Model for a site entry
#author: Leonardo Pessoa
#since: 05/09/2016
"""
from decimal import Decimal
consolidated_financials = models.BooleanField()
type = models.ForeignKey(Type)
tier1_business = models.ForeignKey(Business, limit_choices_to = {'tier': 1}, related_name='%(class)s_tier1')
tier2_business = models.ForeignKey(Business, limit_choices_to = {'tier': 2}, related_name='%(class)s_tier2')
tier3_business = models.ForeignKey(Business, limit_choices_to = {'tier': 3}, related_name='%(class)s_tier3')
site_name = models.CharField(max_length = 150, unique=True)
site_id = models.IntegerField()
region = models.ForeignKey(Region)
country = models.ForeignKey(Country)
city = models.ForeignKey(City)
site_type = models.ForeignKey(SiteType)
remote_site = models.BooleanField()
finance_manager_name = models.CharField(max_length = 50)
finance_manager_sso = models.IntegerField()
quarter = models.DecimalField(max_digits = 12, decimal_places = 2, default=Decimal('0.0'))
revenue = models.DecimalField(max_digits = 12, decimal_places = 2, default=Decimal('0.0'))
supply_chain_manager_name = models.CharField(max_length = 50, default='')
supply_chain_manager_sso = models.IntegerField(default=000000000)
product_lines = models.CharField(max_length = 100, default='')
manufacturing_processes = models.TextField(max_length = 500, default='')
factory_utilization = models.DecimalField(max_digits = 5, decimal_places = 2, default=Decimal('0.0'))
fte = models.IntegerField()
hourly = models.IntegerField()
salaried = models.IntegerField()
other = models.TextField(max_length = 500, default='')
ges_id = models.CharField(max_length = 20)
latitude = models.DecimalField(max_digits = 10, decimal_places=7, default=Decimal('0.0'))
longitude = models.DecimalField(max_digits = 10, decimal_places=7, default=Decimal('0.0'))
The row:
row
{'City': 'xxxxxxx',
'Consolidated financials': 'True',
'Country': 'Argentina (AR)',
'FTE': '',
'Factory Utilization': '',
'Finance Manager Name': '',
'Finance Manager SSO': '',
'Hourly': '',
'Manufacturing Processes': '',
'Other': '',
'Product Lines': '',
'Quarter': '',
'Region': 'Latin America',
'Remote site?': 'True',
'Revenue': '',
'Salaried': '',
'Site ID': '12312',
'Site Name': 'xxxxxxxxx',
'Supply Chain Manager Name': '',
'Supply Chain Manager SSO': '',
'Tier-1 business': 'xxxxxxxxxx',
'Tier-2 business': 'xxxxxxxxxxxxx',
'Tier-3 business': 'Latin America',
'Type': 'xxxxxx xxxxx',
'Type of site?': 'Other'}
I know the code has a lot of room for performance optimization but I just want to prove the functionality first.
Thanks!
The problem is that your Site model is expecting other to be an int (does the model have other = IntegerField or similar?), and you're providing an empty string.
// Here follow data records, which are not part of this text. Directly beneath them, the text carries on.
(* Assume $(H_S(\infty))$, and for $\lambda\in(0,1]$ let $\mathbf a_\lambda>0$ be the unique solution of $\lambda\mathbf a_\lambda=\nu_S((\mathbf a_\lambda,\infty))$ and $\mathbf n_\lambda=\lfloor 1/(\lambda\mathbf a_\lambda)\rfloor$. Then there exists a function $\lambda\mapsto\mathbf m_\lambda$ from $(0,1]$ to $\mathbb{N}$ which is non-increasing and satisfies $\lim_{\lambda\to0}\mathbf m_\lambda=\infty$, $\lim_{\lambda\to0}\mathbf m_\lambda/\mathbf n_\lambda=0$, and for every $z\in[0,1)$, $\lim_{\lambda\to0}\mathbf m_\lambda\,\nu_S((\mathbf a_\lambda z,\infty))=\infty$.
   Context: $(H_S(\infty))$: $\mu_S$ is a probability measure on $(0,\infty)$ with unbounded support and finite mean $m_S$; with $\nu_S(dt)=m_S^{-1}\mu_S((t,\infty))dt$, for all $t>0$, $\lim_{x\to\infty}\nu_S((x,\infty))/\nu_S((tx,\infty))=t^\infty$, where $t^\infty=0$ for $t<1$, $1^\infty=1$, $t^\infty=\infty$ for $t>1$. (The map $a\mapsto a/\nu_S((a,\infty))$ is an increasing continuous bijection of $(0,\infty)$, so $\mathbf a_\lambda$ is well defined and $\mathbf a_\lambda\to\infty$ as $\lambda\to0$.) *)

From Stdlib Require Export Reals.
Open Scope R_scope.

Definition improper_int_from (f : R -> R) (x L : R) : Prop :=
  (forall y, x <= y -> exists _ : Riemann_integrable f x y, True) /\
  (forall eps, 0 < eps -> exists Y, forall y (pr : Riemann_integrable f x y),
      x <= y -> Y <= y -> Rabs (RiemannInt pr - L) < eps).

(* Fbar is the survival function t |-> mu((t,oo)) of a probability measure mu
   on (0,oo): non-increasing, right-continuous, equal to 1 on (-oo,0],
   tending to 0 at +oo (distribution functions <-> probability measures). *)
Definition is_survival_fun_pos (Fbar : R -> R) : Prop :=
  (forall s t, s <= t -> Fbar t <= Fbar s) /\
  (forall t eps, 0 < eps -> exists delta, 0 < delta /\
      forall s, t < s < t + delta -> Rabs (Fbar s - Fbar t) < eps) /\
  (forall t, t <= 0 -> Fbar t = 1) /\
  (forall eps, 0 < eps -> exists T, forall t, T <= t -> Fbar t < eps).

Definition unbounded_support (Fbar : R -> R) : Prop := forall t, 0 < Fbar t.

Definition has_mean (Fbar : R -> R) (m : R) : Prop := improper_int_from Fbar 0 m.

(* G x = nu((x,oo)) = m^{-1} \int_x^oo mu((t,oo)) dt, for x >= 0 *)
Definition is_nu_tail (Fbar : R -> R) (m : R) (G : R -> R) : Prop :=
  forall x, 0 <= x -> exists I, improper_int_from Fbar x I /\ G x = I / m.

(* lim_{x->oo} G x / G (t x) = t^oo *)
Definition H_S_infty_ratio (G : R -> R) : Prop :=
  forall t, 0 < t ->
    (t < 1 -> forall eps, 0 < eps -> exists X, forall x, X <= x ->
        Rabs (G x / G (t * x)) < eps) /\
    (t = 1 -> forall eps, 0 < eps -> exists X, forall x, X <= x ->
        Rabs (G x / G (t * x) - 1) < eps) /\
    (1 < t -> forall M, exists X, forall x, X <= x -> M <= G x / G (t * x)).

Definition H_S_infty (Fbar : R -> R) (m : R) (G : R -> R) : Prop :=
  is_survival_fun_pos Fbar /\ unbounded_support Fbar /\ has_mean Fbar m /\
  is_nu_tail Fbar m G /\ H_S_infty_ratio G.

Definition lim0_infty (h : R -> R) : Prop :=
  forall M, exists delta, 0 < delta /\
    forall l, 0 < l <= 1 -> l < delta -> M <= h l.

Definition lim0_zero (h : R -> R) : Prop :=
  forall eps, 0 < eps -> exists delta, 0 < delta /\
    forall l, 0 < l <= 1 -> l < delta -> Rabs (h l) < eps.

Definition n_of (a : R -> R) (l : R) : R := IZR (Int_part (1 / (l * a l))).

(* By (H_S(oo)), G (a_l) / G (t a_l) -> 0 for every t < 1, where G = nu_S((., oo)),
   and a_l -> oo as l -> 0.  Diagonalising over t = k / (k + 1) yields a
   non-increasing index K_l -> oo with K_l^2 G (a_l) < G (z_K a_l), z_K = K_l / (K_l + 1).
   Put m_l = floor (K_l / G (z_K a_l)).  For z <= z_K, m_l G (z a_l) >= K_l - G 0;
   and since l a_l = G (a_l), n_l is about 1 / G (a_l), so
   m_l / n_l is about K_l G (a_l) / G (z_K a_l) < 1 / K_l.  Every ingredient is
   monotone in l, hence so is m_l. *)

From Stdlib Require Import Reals Lra Lia ZArith Classical ClassicalEpsilon.
Open Scope R_scope.

Section ImproperIntegral.

Variable f : R -> R.
Hypothesis f_ge0 : forall t, 0 <= f t.
Hypothesis f_antitone : forall s t, s <= t -> f t <= f s.

Lemma improper_int_ge x L c Y0 : improper_int_from f x L ->
  (forall y (pr : Riemann_integrable f x y), x <= y -> Y0 <= y -> c <= RiemannInt pr) ->
  c <= L.
Proof.
intros [Hint Hlim] Hc.
destruct (Rle_or_lt c L) as [|hLc]; [assumption|].
destruct (Hlim (c - L)) as [Y HY]; [lra|].
set (y := Rmax (Rmax Y Y0) x).
assert (hY : Y <= y) by (unfold y; eapply Rle_trans; apply Rmax_l).
assert (hY0 : Y0 <= y) by (unfold y; eapply Rle_trans; [apply Rmax_r|apply Rmax_l]).
assert (hx : x <= y) by (unfold y; apply Rmax_r).
destruct (Hint y hx) as [pr _].
specialize (HY y pr hx hY). specialize (Hc y pr hx hY0).
apply Rabs_def2 in HY. lra.
Qed.

Lemma RiemannInt_le_restrict_left x c y
    (pr : Riemann_integrable f x y) (pr' : Riemann_integrable f c y) :
  x <= c <= y -> RiemannInt pr' <= RiemannInt pr.
Proof.
intros Hc.
pose (pr1 := RiemannInt_P22 pr Hc). pose (pr2 := RiemannInt_P23 pr Hc).
rewrite <- (RiemannInt_P26 pr1 pr2 pr), (RiemannInt_P5 pr' pr2).
assert (E := RiemannInt_P15 (RiemannInt_P14 x c 0)).
assert (H := RiemannInt_P19 (RiemannInt_P14 x c 0) pr1 (proj1 Hc) (fun t _ => f_ge0 t)).
unfold fct_cte in *. lra.
Qed.

Lemma RiemannInt_ge_antitone x y (pr : Riemann_integrable f x y) :
  x + 1 <= y -> f (x + 1) <= RiemannInt pr.
Proof.
intros hy.
assert (Hc : x <= x + 1 <= y) by lra.
pose (pr1 := RiemannInt_P22 pr Hc). pose (pr2 := RiemannInt_P23 pr Hc).
rewrite <- (RiemannInt_P26 pr1 pr2 pr).
assert (E := RiemannInt_P15 (RiemannInt_P14 (x + 1) y 0)).
assert (H := RiemannInt_P19 (RiemannInt_P14 (x + 1) y 0) pr2 (proj2 Hc) (fun t _ => f_ge0 t)).
assert (E' := RiemannInt_P15 (RiemannInt_P14 x (x + 1) (f (x + 1)))).
assert (H' : RiemannInt (RiemannInt_P14 x (x + 1) (f (x + 1))) <= RiemannInt pr1).
{ apply RiemannInt_P19; [lra|]. intros t ht. apply f_antitone. lra. }
unfold fct_cte in *. lra.
Qed.

Lemma improper_int_gt0 x L : (forall t, 0 < f t) -> improper_int_from f x L -> 0 < L.
Proof.
intros f_gt0 HI. apply Rlt_le_trans with (f (x + 1)); [apply f_gt0|].
apply (improper_int_ge x L _ (x + 1) HI).
intros y pr _ hy. exact (RiemannInt_ge_antitone x y pr hy).
Qed.

Lemma improper_int_antitone x x' L L' :
  improper_int_from f x L -> improper_int_from f x' L' -> x <= x' -> L' <= L.
Proof.
intros [Hint Hlim] [Hint' Hlim'] hx.
destruct (Rle_or_lt L' L) as [|hL]; [assumption|].
destruct (Hlim ((L' - L) / 2)) as [Y1 HY1]; [lra|].
destruct (Hlim' ((L' - L) / 2)) as [Y2 HY2]; [lra|].
set (y := Rmax (Rmax Y1 Y2) x').
assert (h1 : Y1 <= y) by (unfold y; eapply Rle_trans; apply Rmax_l).
assert (h2 : Y2 <= y) by (unfold y; eapply Rle_trans; [apply Rmax_r|apply Rmax_l]).
assert (hx' : x' <= y) by (unfold y; apply Rmax_r).
assert (hxy : x <= y) by lra.
destruct (Hint y hxy) as [pr _]. destruct (Hint' y hx') as [pr' _].
specialize (HY1 y pr hxy h1). specialize (HY2 y pr' hx' h2).
assert (Hle := RiemannInt_le_restrict_left x x' y pr pr' (conj hx hx')).
apply Rabs_def2 in HY1. apply Rabs_def2 in HY2. lra.
Qed.

End ImproperIntegral.

Section NuTail.

Variables (Fbar : R -> R) (m : R) (G : R -> R).
Hypothesis Fbar_gt0 : forall t, 0 < Fbar t.
Hypothesis Fbar_antitone : forall s t, s <= t -> Fbar t <= Fbar s.
Hypothesis Fbar_mean : has_mean Fbar m.
Hypothesis G_tail : is_nu_tail Fbar m G.

Let Fbar_ge0 t : 0 <= Fbar t := Rlt_le _ _ (Fbar_gt0 t).

Let mean_gt0 : 0 < m := improper_int_gt0 Fbar Fbar_ge0 Fbar_antitone 0 m Fbar_gt0 Fbar_mean.

Lemma nu_tail_gt0 x : 0 <= x -> 0 < G x.
Proof.
intros hx. destruct (G_tail x hx) as [I [HI ->]].
apply Rdiv_lt_0_compat; [|exact mean_gt0].
exact (improper_int_gt0 Fbar Fbar_ge0 Fbar_antitone x I Fbar_gt0 HI).
Qed.

Lemma nu_tail_antitone x y : 0 <= x -> x <= y -> G y <= G x.
Proof.
intros hx hxy.
destruct (G_tail x hx) as [I [HI ->]].
destruct (G_tail y (Rle_trans _ _ _ hx hxy)) as [I' [HI' ->]].
apply Rmult_le_compat_r; [left; apply Rinv_0_lt_compat, mean_gt0|].
exact (improper_int_antitone Fbar Fbar_ge0 x y I I' HI HI' hxy).
Qed.

End NuTail.

Definition grid (k : nat) : R := 1 - / (INR k + 1).

Lemma grid_ge0 k : 0 <= grid k.
Proof.
unfold grid. assert (1 <= INR k + 1) by (generalize (pos_INR k); lra).
assert (/ (INR k + 1) <= 1) by (rewrite <- Rinv_1; apply Rinv_le_contravar; lra). lra.
Qed.

Lemma grid_gt0 j : 0 < grid (S j).
Proof.
unfold grid. rewrite S_INR. generalize (pos_INR j); intro.
assert (/ (INR j + 1 + 1) < 1) by (rewrite <- Rinv_1; apply Rinv_lt_contravar; lra). lra.
Qed.

Lemma grid_lt1 k : grid k < 1.
Proof.
unfold grid. generalize (pos_INR k); intro.
assert (0 < / (INR k + 1)) by (apply Rinv_0_lt_compat; lra). lra.
Qed.

Lemma grid_le i j : (i <= j)%nat -> grid i <= grid j.
Proof.
intros h. unfold grid. apply le_INR in h. generalize (pos_INR i); intro.
assert (/ (INR j + 1) <= / (INR i + 1)) by (apply Rinv_le_contravar; lra). lra.
Qed.

Lemma grid_eventually_ge t : t < 1 -> exists k0, forall k, (k0 <= k)%nat -> t <= grid k.
Proof.
intros ht. destruct (INR_unbounded (/ (1 - t))) as [k0 hk0]. exists k0. intros k hk.
apply Rle_trans with (grid k0); [|now apply grid_le].
unfold grid. assert (0 < / (1 - t)) by (apply Rinv_0_lt_compat; lra).
assert (hlt : / (INR k0 + 1) < / / (1 - t)) by (apply Rinv_lt_contravar; nra).
rewrite Rinv_inv in hlt. lra.
Qed.

(* [thresholds d] decreases to 0 below [d]; a slow index [K l] is the position
   of [l] among the thresholds. *)
Fixpoint thresholds (d : nat -> R) (k : nat) : R :=
  match k with
  | O => 2
  | S j => Rmin (thresholds d j) (Rmin (d j) (/ (INR j + 2)))
  end.

Lemma thresholds_S d j :
  thresholds d (S j) <= thresholds d j /\ thresholds d (S j) <= d j /\
  thresholds d (S j) <= / (INR j + 2).
Proof.
simpl. split; [apply Rmin_l|].
split; eapply Rle_trans; try apply Rmin_r; try apply Rmin_l; apply Rmin_r.
Qed.

Lemma thresholds_antitone d i j : (i <= j)%nat -> thresholds d j <= thresholds d i.
Proof.
induction 1; [lra|].
eapply Rle_trans; [apply (proj1 (thresholds_S d m))|exact IHle].
Qed.

Lemma thresholds_gt0 d k : (forall j, 0 < d j) -> 0 < thresholds d k.
Proof.
intros hd. induction k; simpl; [lra|].
assert (0 < / (INR k + 2)) by (apply Rinv_0_lt_compat; generalize (pos_INR k); lra).
apply Rmin_glb_lt; [assumption|apply Rmin_glb_lt; auto].
Qed.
The easiest fix is to change row['Other'] to row['Other'] or 0
If you know that you're going to get non-numeric values as a general rule, then you could add basic logic to test for non-digits, or update your IntegerField to something which can accept text. A list of valid Django fields can be found here.
# An example of conditional logic to test for a non-number and use 0 if so
other = row['Other'] if row['Other'] and row['Other'].isdigit() else 0
Edit
Looking at your model, the issue is probably not with the Other field, but there are typing problems nevertheless. For example Supply Chain Manager SSO is supposed to be an int, but you are definitely passing a ''.